*What you will do*. Restate the records below word for word, leaving nothing out.

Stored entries
/---

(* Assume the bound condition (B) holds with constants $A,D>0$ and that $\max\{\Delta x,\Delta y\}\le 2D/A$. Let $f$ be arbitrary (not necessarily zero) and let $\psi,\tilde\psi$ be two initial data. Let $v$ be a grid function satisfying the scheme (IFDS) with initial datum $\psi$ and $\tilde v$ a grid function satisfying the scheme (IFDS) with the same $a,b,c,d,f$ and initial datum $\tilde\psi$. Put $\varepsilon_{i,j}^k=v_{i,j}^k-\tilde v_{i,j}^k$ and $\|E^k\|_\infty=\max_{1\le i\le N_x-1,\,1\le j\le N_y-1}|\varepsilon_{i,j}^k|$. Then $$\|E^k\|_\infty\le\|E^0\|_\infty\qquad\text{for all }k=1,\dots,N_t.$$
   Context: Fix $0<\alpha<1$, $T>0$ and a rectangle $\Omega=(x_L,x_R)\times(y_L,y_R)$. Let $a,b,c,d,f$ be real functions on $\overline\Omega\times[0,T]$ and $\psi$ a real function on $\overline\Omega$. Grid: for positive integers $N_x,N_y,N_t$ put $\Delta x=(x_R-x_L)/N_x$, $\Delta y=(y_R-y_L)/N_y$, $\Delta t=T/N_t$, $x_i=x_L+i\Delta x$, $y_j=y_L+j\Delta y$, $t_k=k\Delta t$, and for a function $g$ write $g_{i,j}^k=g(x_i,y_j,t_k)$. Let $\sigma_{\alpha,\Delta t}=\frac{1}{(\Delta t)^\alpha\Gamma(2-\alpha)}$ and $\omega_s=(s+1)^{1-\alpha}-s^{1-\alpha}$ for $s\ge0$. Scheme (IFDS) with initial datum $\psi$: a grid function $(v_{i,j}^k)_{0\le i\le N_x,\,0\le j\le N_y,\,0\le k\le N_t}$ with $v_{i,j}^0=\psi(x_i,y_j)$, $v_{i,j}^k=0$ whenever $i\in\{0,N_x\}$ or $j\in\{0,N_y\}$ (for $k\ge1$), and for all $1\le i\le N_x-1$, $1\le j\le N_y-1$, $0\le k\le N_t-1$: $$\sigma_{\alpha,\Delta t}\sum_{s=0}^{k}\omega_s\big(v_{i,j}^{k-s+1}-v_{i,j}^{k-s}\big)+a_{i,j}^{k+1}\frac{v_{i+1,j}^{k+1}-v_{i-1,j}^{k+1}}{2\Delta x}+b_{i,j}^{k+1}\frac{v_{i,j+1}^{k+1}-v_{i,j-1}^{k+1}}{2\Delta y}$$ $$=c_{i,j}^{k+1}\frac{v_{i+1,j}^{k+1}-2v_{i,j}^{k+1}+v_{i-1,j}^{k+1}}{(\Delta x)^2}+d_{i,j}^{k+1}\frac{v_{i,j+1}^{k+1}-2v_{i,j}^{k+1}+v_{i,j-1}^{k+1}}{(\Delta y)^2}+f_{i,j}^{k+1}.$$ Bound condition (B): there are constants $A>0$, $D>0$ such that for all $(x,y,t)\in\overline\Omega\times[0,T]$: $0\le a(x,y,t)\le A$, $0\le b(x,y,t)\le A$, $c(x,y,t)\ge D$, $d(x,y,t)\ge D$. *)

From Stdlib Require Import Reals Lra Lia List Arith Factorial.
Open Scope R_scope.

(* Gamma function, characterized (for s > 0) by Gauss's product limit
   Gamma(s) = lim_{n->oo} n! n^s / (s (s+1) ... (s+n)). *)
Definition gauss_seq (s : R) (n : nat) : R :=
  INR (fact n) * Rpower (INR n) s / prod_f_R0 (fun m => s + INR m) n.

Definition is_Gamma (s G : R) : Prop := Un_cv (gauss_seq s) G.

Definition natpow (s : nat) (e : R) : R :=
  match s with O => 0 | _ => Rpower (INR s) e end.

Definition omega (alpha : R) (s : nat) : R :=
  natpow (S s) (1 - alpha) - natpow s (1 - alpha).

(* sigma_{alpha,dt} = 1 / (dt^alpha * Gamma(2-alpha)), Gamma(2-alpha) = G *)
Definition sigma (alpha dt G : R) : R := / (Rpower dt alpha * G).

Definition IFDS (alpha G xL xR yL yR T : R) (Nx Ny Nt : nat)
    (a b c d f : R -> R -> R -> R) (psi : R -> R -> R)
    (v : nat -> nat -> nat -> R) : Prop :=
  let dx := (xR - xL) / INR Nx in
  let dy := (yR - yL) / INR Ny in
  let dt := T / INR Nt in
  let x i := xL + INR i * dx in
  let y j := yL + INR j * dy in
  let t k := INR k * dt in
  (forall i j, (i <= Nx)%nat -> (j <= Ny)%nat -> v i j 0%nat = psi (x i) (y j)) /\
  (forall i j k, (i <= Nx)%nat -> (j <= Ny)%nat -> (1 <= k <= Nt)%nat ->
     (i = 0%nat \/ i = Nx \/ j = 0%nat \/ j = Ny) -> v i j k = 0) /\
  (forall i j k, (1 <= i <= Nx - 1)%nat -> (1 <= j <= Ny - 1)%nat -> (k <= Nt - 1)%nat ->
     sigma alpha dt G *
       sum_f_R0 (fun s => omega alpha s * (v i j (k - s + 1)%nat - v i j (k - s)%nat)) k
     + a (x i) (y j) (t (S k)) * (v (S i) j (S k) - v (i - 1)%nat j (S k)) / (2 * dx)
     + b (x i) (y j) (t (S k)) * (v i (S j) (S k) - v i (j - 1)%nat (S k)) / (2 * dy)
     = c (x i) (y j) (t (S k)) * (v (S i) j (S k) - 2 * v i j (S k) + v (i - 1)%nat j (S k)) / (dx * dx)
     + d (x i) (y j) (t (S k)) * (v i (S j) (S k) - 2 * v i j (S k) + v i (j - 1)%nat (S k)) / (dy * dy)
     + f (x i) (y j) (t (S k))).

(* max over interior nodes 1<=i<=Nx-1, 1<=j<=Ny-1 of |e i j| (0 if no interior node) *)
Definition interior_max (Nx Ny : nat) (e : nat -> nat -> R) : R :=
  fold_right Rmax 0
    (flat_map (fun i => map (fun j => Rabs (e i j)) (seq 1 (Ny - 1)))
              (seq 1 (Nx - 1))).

\---

*Written response*.
(* Assume the bound condition (B) holds with constants $A,D>0$ and that $\max\{\Delta x,\Delta y\}\le 2D/A$. Let $f$ be arbitrary (not necessarily zero) and let $\psi,\tilde\psi$ be two initial data. Let $v$ be a grid function satisfying the scheme (IFDS) with initial datum $\psi$ and $\tilde v$ a grid function satisfying the scheme (IFDS) with the same $a,b,c,d,f$ and initial datum $\tilde\psi$. Put $\varepsilon_{i,j}^k=v_{i,j}^k-\tilde v_{i,j}^k$ and $\|E^k\|_\infty=\max_{1\le i\le N_x-1,\,1\le j\le N_y-1}|\varepsilon_{i,j}^k|$. Then $$\|E^k\|_\infty\le\|E^0\|_\infty\qquad\text{for all }k=1,\dots,N_t.$$
   Context: Fix $0<\alpha<1$, $T>0$ and a rectangle $\Omega=(x_L,x_R)\times(y_L,y_R)$. Let $a,b,c,d,f$ be real functions on $\overline\Omega\times[0,T]$ and $\psi$ a real function on $\overline\Omega$. Grid: for positive integers $N_x,N_y,N_t$ put $\Delta x=(x_R-x_L)/N_x$, $\Delta y=(y_R-y_L)/N_y$, $\Delta t=T/N_t$, $x_i=x_L+i\Delta x$, $y_j=y_L+j\Delta y$, $t_k=k\Delta t$, and for a function $g$ write $g_{i,j}^k=g(x_i,y_j,t_k)$. Let $\sigma_{\alpha,\Delta t}=\frac{1}{(\Delta t)^\alpha\Gamma(2-\alpha)}$ and $\omega_s=(s+1)^{1-\alpha}-s^{1-\alpha}$ for $s\ge0$. Scheme (IFDS) with initial datum $\psi$: a grid function $(v_{i,j}^k)_{0\le i\le N_x,\,0\le j\le N_y,\,0\le k\le N_t}$ with $v_{i,j}^0=\psi(x_i,y_j)$, $v_{i,j}^k=0$ whenever $i\in\{0,N_x\}$ or $j\in\{0,N_y\}$ (for $k\ge1$), and for all $1\le i\le N_x-1$, $1\le j\le N_y-1$, $0\le k\le N_t-1$: $$\sigma_{\alpha,\Delta t}\sum_{s=0}^{k}\omega_s\big(v_{i,j}^{k-s+1}-v_{i,j}^{k-s}\big)+a_{i,j}^{k+1}\frac{v_{i+1,j}^{k+1}-v_{i-1,j}^{k+1}}{2\Delta x}+b_{i,j}^{k+1}\frac{v_{i,j+1}^{k+1}-v_{i,j-1}^{k+1}}{2\Delta y}$$ $$=c_{i,j}^{k+1}\frac{v_{i+1,j}^{k+1}-2v_{i,j}^{k+1}+v_{i-1,j}^{k+1}}{(\Delta x)^2}+d_{i,j}^{k+1}\frac{v_{i,j+1}^{k+1}-2v_{i,j}^{k+1}+v_{i,j-1}^{k+1}}{(\Delta y)^2}+f_{i,j}^{k+1}.$$ Bound condition (B): there are constants $A>0$, $D>0$ such that for all $(x,y,t)\in\overline\Omega\times[0,T]$: $0\le a(x,y,t)\le A$, $0\le b(x,y,t)\le A$, $c(x,y,t)\ge D$, $d(x,y,t)\ge D$. *)

From Stdlib Require Import Reals Lra Lia List Arith Factorial.
Open Scope R_scope.

(* Gamma function, characterized (for s > 0) by Gauss's product limit
   Gamma(s) = lim_{n->oo} n! n^s / (s (s+1) ... (s+n)). *)
Definition gauss_seq (s : R) (n : nat) : R :=
  INR (fact n) * Rpower (INR n) s / prod_f_R0 (fun m => s + INR m) n.

Definition is_Gamma (s G : R) : Prop := Un_cv (gauss_seq s) G.

Definition natpow (s : nat) (e : R) : R :=
  match s with O => 0 | _ => Rpower (INR s) e end.

Definition omega (alpha : R) (s : nat) : R :=
  natpow (S s) (1 - alpha) - natpow s (1 - alpha).

(* sigma_{alpha,dt} = 1 / (dt^alpha * Gamma(2-alpha)), Gamma(2-alpha) = G *)
Definition sigma (alpha dt G : R) : R := / (Rpower dt alpha * G).

Definition IFDS (alpha G xL xR yL yR T : R) (Nx Ny Nt : nat)
    (a b c d f : R -> R -> R -> R) (psi : R -> R -> R)
    (v : nat -> nat -> nat -> R) : Prop :=
  let dx := (xR - xL) / INR Nx in
  let dy := (yR - yL) / INR Ny in
  let dt := T / INR Nt in
  let x i := xL + INR i * dx in
  let y j := yL + INR j * dy in
  let t k := INR k * dt in
  (forall i j, (i <= Nx)%nat -> (j <= Ny)%nat -> v i j 0%nat = psi (x i) (y j)) /\
  (forall i j k, (i <= Nx)%nat -> (j <= Ny)%nat -> (1 <= k <= Nt)%nat ->
     (i = 0%nat \/ i = Nx \/ j = 0%nat \/ j = Ny) -> v i j k = 0) /\
  (forall i j k, (1 <= i <= Nx - 1)%nat -> (1 <= j <= Ny - 1)%nat -> (k <= Nt - 1)%nat ->
     sigma alpha dt G *
       sum_f_R0 (fun s => omega alpha s * (v i j (k - s + 1)%nat - v i j (k - s)%nat)) k
     + a (x i) (y j) (t (S k)) * (v (S i) j (S k) - v (i - 1)%nat j (S k)) / (2 * dx)
     + b (x i) (y j) (t (S k)) * (v i (S j) (S k) - v i (j - 1)%nat (S k)) / (2 * dy)
     = c (x i) (y j) (t (S k)) * (v (S i) j (S k) - 2 * v i j (S k) + v (i - 1)%nat j (S k)) / (dx * dx)
     + d (x i) (y j) (t (S k)) * (v i (S j) (S k) - 2 * v i j (S k) + v i (j - 1)%nat (S k)) / (dy * dy)
     + f (x i) (y j) (t (S k))).

(* max over interior nodes 1<=i<=Nx-1, 1<=j<=Ny-1 of |e i j| (0 if no interior node) *)
Definition interior_max (Nx Ny : nat) (e : nat -> nat -> R) : R :=
  fold_right Rmax 0
    (flat_map (fun i => map (fun j => Rabs (e i j)) (seq 1 (Ny - 1)))
              (seq 1 (Nx - 1))).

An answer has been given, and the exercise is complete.